### About this task:
Where "Import" occurs in a line of the entries below, copy that line.

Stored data
▼▼▼

(* entry d^{i,c}_{j,k} of D^i_c, with l_t the t-th element of Z_P \ I *)
Definition dentry (N P K : nat) (pi : 'I_K -> {perm 'I_N}) (l : 'I_N -> 'I_P)
    (h : 'I_N -> 'I_N -> algC) (i : 'I_K) (c : 'I_N) (j k : nat) : algC :=
  if [pick t : 'I_N | nat_of_ord (l t) == k] is Some t then
    sqrtC (P%:R / N%:R) * omega N ^+ (j * ginv pi i t) * h c t
  else 0.

Definition uhat (N P K : nat) (pi : 'I_K -> {perm 'I_N}) (l : 'I_N -> 'I_P)
    (h : 'I_N -> 'I_N -> algC) (i : 'I_K) (c : 'I_N) (n : nat) : algC :=
  dentry pi l h i c (n %/ P) (n %% P).

Definition useq (N P K : nat) (pi : 'I_K -> {perm 'I_N}) (l : 'I_N -> 'I_P)
    (h : 'I_N -> 'I_N -> algC) (i : 'I_K) (c : 'I_N) (t : nat) : algC :=
  (sqrtC (N * P)%:R)^-1 *
    \sum_(n < N * P) uhat pi l h i c n * omega (N * P) ^+ (n * t).

Definition pcorr (L : nat) (C D : nat -> algC) (tau : nat) : algC :=
  \sum_(t < L) C t * (D ((t + tau) %% L)%N)^*.

Definition OmegaSet (N P : nat) (I : {set 'I_P}) : {set 'I_(N * P)} :=
  [set n : 'I_(N * P) | [exists s : 'I_P, exists a : 'I_N,
      (s \in I) && (nat_of_ord n == s + a * P)%N]].

From HB Require Import structures.
From mathcomp Require Import all_boot all_order all_algebra.
From mathcomp Require Import fingroup perm algC cyclotomic.
From mathcomp Require Import ring zify.
Import Order.TTheory GRing.Theory Num.Theory.
Local Open Scope ring_scope.

(* Write w = omega N, z = omega (N P) and eta = z ^+ P, a primitive N-th root of
   unity.  In the inverse DFT of \hat u, the sum over the row index r of D is
   the geometric sum of (w ^+ g * eta ^+ t) ^+ r, with g = pi_i^-1 of the
   column; it vanishes unless w ^+ g * eta ^+ t = 1.  So a single column
   k = pi_i (slot t) survives and u_t = h_{c,k} z ^+ (l_k t), where slot t only
   depends on t mod N.  Writing t = y N + x in a correlation, the sum over y is
   a geometric sum in z ^+ N, a primitive P-th root, which vanishes unless the
   active columns at times x and x + tau coincide.  For i = i' and 0 < tau < N
   they never do, for tau = 0 one gets P times an inner product of rows of h,
   and for i <> i' the circular Florentine property leaves exactly one x, hence
   modulus P.  That omega n = (n.-root (-1)) ^+ 2 is a primitive n-th root of
   unity follows from the maximality of the real part of the principal root. *)

Lemma sum_expr_unity (F : fieldType) (x : F) q : x ^+ q = 1 ->
  \sum_(k < q) x ^+ k = if x == 1 then q%:R else 0.
Proof.
move=> xq1; have [-> | x_neq1] := eqVneq x 1.
  by rewrite (eq_bigr (fun=> 1)) ?sumr_const ?card_ord // => k _; rewrite expr1n.
apply/eqP; have := subrX1 x q; rewrite xq1 subrr => /esym/eqP.
by rewrite mulf_eq0 subr_eq0 (negbTE x_neq1).
Qed.
Lemma loewner_ge_sum p k (F G : 'I_k -> 'M[C]_p) :
  (forall i, loewner_ge (F i) (G i)) -> loewner_ge (\sum_i F i) (\sum_i G i).
Proof. by move=> FG; rewrite /loewner_ge -sumrB; apply: psd_sum. Qed.

Lemma quad_form_rank1 p (x y : 'cV[C]_p) c :
  (adj y *m (c *: (x *m adj x)) *m y) 0 0 = c * `|(adj x *m y) 0 0| ^+ 2.
Proof.
rewrite -scalemxAr -scalemxAl mxE; congr (_ * _).
rewrite normCKC mulmxA -(mulmxA _ (adj x)) [in LHS]mxE big_ord1; congr (_ * _).
rewrite !mxE rmorph_sum; apply: eq_bigr => i _.
by rewrite !adjE rmorphM /= conjCK mulrC.
Qed.

Lemma psd_scale_rank1 p (x : 'cV[C]_p) c : 0 <= c -> psd (c *: (x *m adj x)).
Proof.
move=> c_ge0; split; first by rewrite adj_scale adjM adjK geC0_conj.
by move=> y; rewrite quad_form_rank1 mulr_ge0 ?exprn_ge0.
Qed.

(* The spectral theorem, with the eigenvalues read off as quadratic forms. *)
Lemma psd_factor p (A : 'M[C]_p) : psd A -> exists R : 'M[C]_p, A = R *m adj R.
Proof.
move=> [adjA qA].
have /orthomx_spectralP : A \is normalmx by apply/normalmxP; rewrite tstar_adj adjA.
set U := spectralmx A; set d := spectral_diag A.
have Uunitary : U \is unitarymx by exact: spectral_unitarymx.
rewrite invmx_unitary // tstar_adj => AUdU.
have UU : U *m adj U = 1%:M by rewrite -tstar_adj; apply/unitarymxP.
have d_ge0 i : 0 <= d 0 i.
  have := qA (adj U *m delta_mx i 0).
  rewrite adjM adjK AUdU !mulmxA -(mulmxA _ U) UU mulmx1.
  rewrite -(mulmxA _ U (adj U)) UU mulmx1 adj_delta.
  by rewrite -rowE row_diag_mx -scalemxAl mul_delta_mx !mxE !eqxx mulr1.
exists (adj U *m diag_mx (map_mx sqrtC d)).
rewrite adjM adjK mulmxA -(mulmxA _ (diag_mx _)) AUdU; congr (_ *m _ *m _).
apply/matrixP=> i j; rewrite mul_diag_mx mxE adjE !mxE.
have [<-|nij] := eqVneq i j; last by rewrite !mulr0n rmorph0 mulr0.
by rewrite !mulr1n geC0_conj ?sqrtC_ge0 ?d_ge0 // -expr2 sqrtCK.
Qed.
Lemma ext_mulDl : left_distributive ext_mul +%R.
Proof.
move=> u v w; congr (_, _); rewrite /= ?mulrDl // rmorphD scalerDl scalerDr.
by rewrite addrACA.
Qed.

HB.instance Definition _ :=
  GRing.Zmodule_isComPzRing.Build B ext_mulA ext_mulC ext_mul1 ext_mulDl.

Lemma ext_mulE (u v : B) : u * v = ext_mul u v. Proof. by []. Qed.

Lemma ext_val_is_zmod : zmod_morphism ext_val.
Proof. by move=> u v; rewrite /ext_val /= rmorphB dgdB addrACA opprD. Qed.

Lemma ext_val_is_monoid : monoid_morphism ext_val.
Proof.
by split=> [|u v]; [rewrite /ext_val /= rmorph1 dgd0 addr0 | exact: ext_valM].
Qed.

HB.instance Definition _ := GRing.isZmodMorphism.Build B (dg0 R2) ext_val
  ext_val_is_zmod.
HB.instance Definition _ := GRing.isMonoidMorphism.Build B (dg0 R2) ext_val
  ext_val_is_monoid.

Definition ext_fst (u : B) : dg0 M := u.1.

Lemma ext_fst_is_zmod : zmod_morphism ext_fst. Proof. by []. Qed.
Lemma ext_fst_is_monoid : monoid_morphism ext_fst. Proof. by []. Qed.

HB.instance Definition _ := GRing.isZmodMorphism.Build B (dg0 M) ext_fst
  ext_fst_is_zmod.
HB.instance Definition _ := GRing.isMonoidMorphism.Build B (dg0 M) ext_fst
  ext_fst_is_monoid.

Definition ext_in (a : dg0 M) : B := (a, 0).

Lemma ext_in_is_zmod : zmod_morphism ext_in.
Proof. by move=> a b; rewrite /ext_in; congr (_, _); rewrite /= subr0. Qed.

Lemma ext_in_is_monoid : monoid_morphism ext_in.
Proof.
by split=> [|a b] //; rewrite ext_mulE /ext_mul /= !scaler0 addr0.
Qed.

HB.instance Definition _ := GRing.isZmodMorphism.Build (dg0 M) B ext_in
  ext_in_is_zmod.
HB.instance Definition _ := GRing.isMonoidMorphism.Build (dg0 M) B ext_in
  ext_in_is_monoid.

End ExtRing.

Section PairLmod.
Variables (S R1 R2 : pzRingType) (V1 : lmodType R1) (V2 : lmodType R2).
Variables (p1 : {rmorphism S -> R1}) (p2 : {rmorphism S -> R2}).

Definition pair_lmod of {rmorphism S -> R1} & {rmorphism S -> R2} : Type :=
  (V1 * V2)%type.
Local Notation P := (pair_lmod p1 p2).
HB.instance Definition _ := GRing.Zmodule.on P.

Definition pair_scale (a : S) (u : P) : P := (p1 a *: u.1, p2 a *: u.2).

Lemma pair_scaleA a b u : pair_scale a (pair_scale b u) = pair_scale (a * b) u.
Proof. by rewrite /pair_scale /= !rmorphM !scalerA. Qed.

Lemma pair_scale1 : left_id 1 pair_scale.
Proof. by move=> [x y]; rewrite /pair_scale /= !rmorph1 !scale1r. Qed.

Lemma pair_scaleDr : right_distributive pair_scale +%R.
Proof. by move=> a u v; rewrite /pair_scale /= !scalerDr. Qed.

Lemma pair_scaleDl u : {morph pair_scale^~ u : a b / a + b}.
Proof. by move=> a b; rewrite /pair_scale /= !rmorphD !scalerDl. Qed.

HB.instance Definition _ := GRing.Zmodule_isLmodule.Build S P
  pair_scaleA pair_scale1 pair_scaleDr pair_scaleDl.

Lemma pair_scaleE a (u : P) : a *: u = (p1 a *: u.1, p2 a *: u.2).
Proof. by []. Qed.

End PairLmod.

Section AdmissibleHull.
Variables (R1 R2 M : DGR) (f : DGHom M R1) (g : DGHom M R2).
Local Notation B := (ext_ring g).

Definition adm_ideal : {pred B} :=
  fun u => `[< exists2 k, hm1 f k = 0 & u = (dgd k, - hm1 g k) >].

Lemma adm_idealP u :
  reflect (exists2 k, hm1 f k = 0 & u = (dgd k, - hm1 g k)) (u \in adm_ideal).
Proof. exact: asboolP. Qed.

▲▲▲

### Solution:
From HB Require Import structures.
From mathcomp Require Import all_boot all_order all_algebra.
From mathcomp Require Import fingroup perm algC cyclotomic.
From mathcomp Require Import ring zify.
Import Order.TTheory GRing.Theory Num.Theory.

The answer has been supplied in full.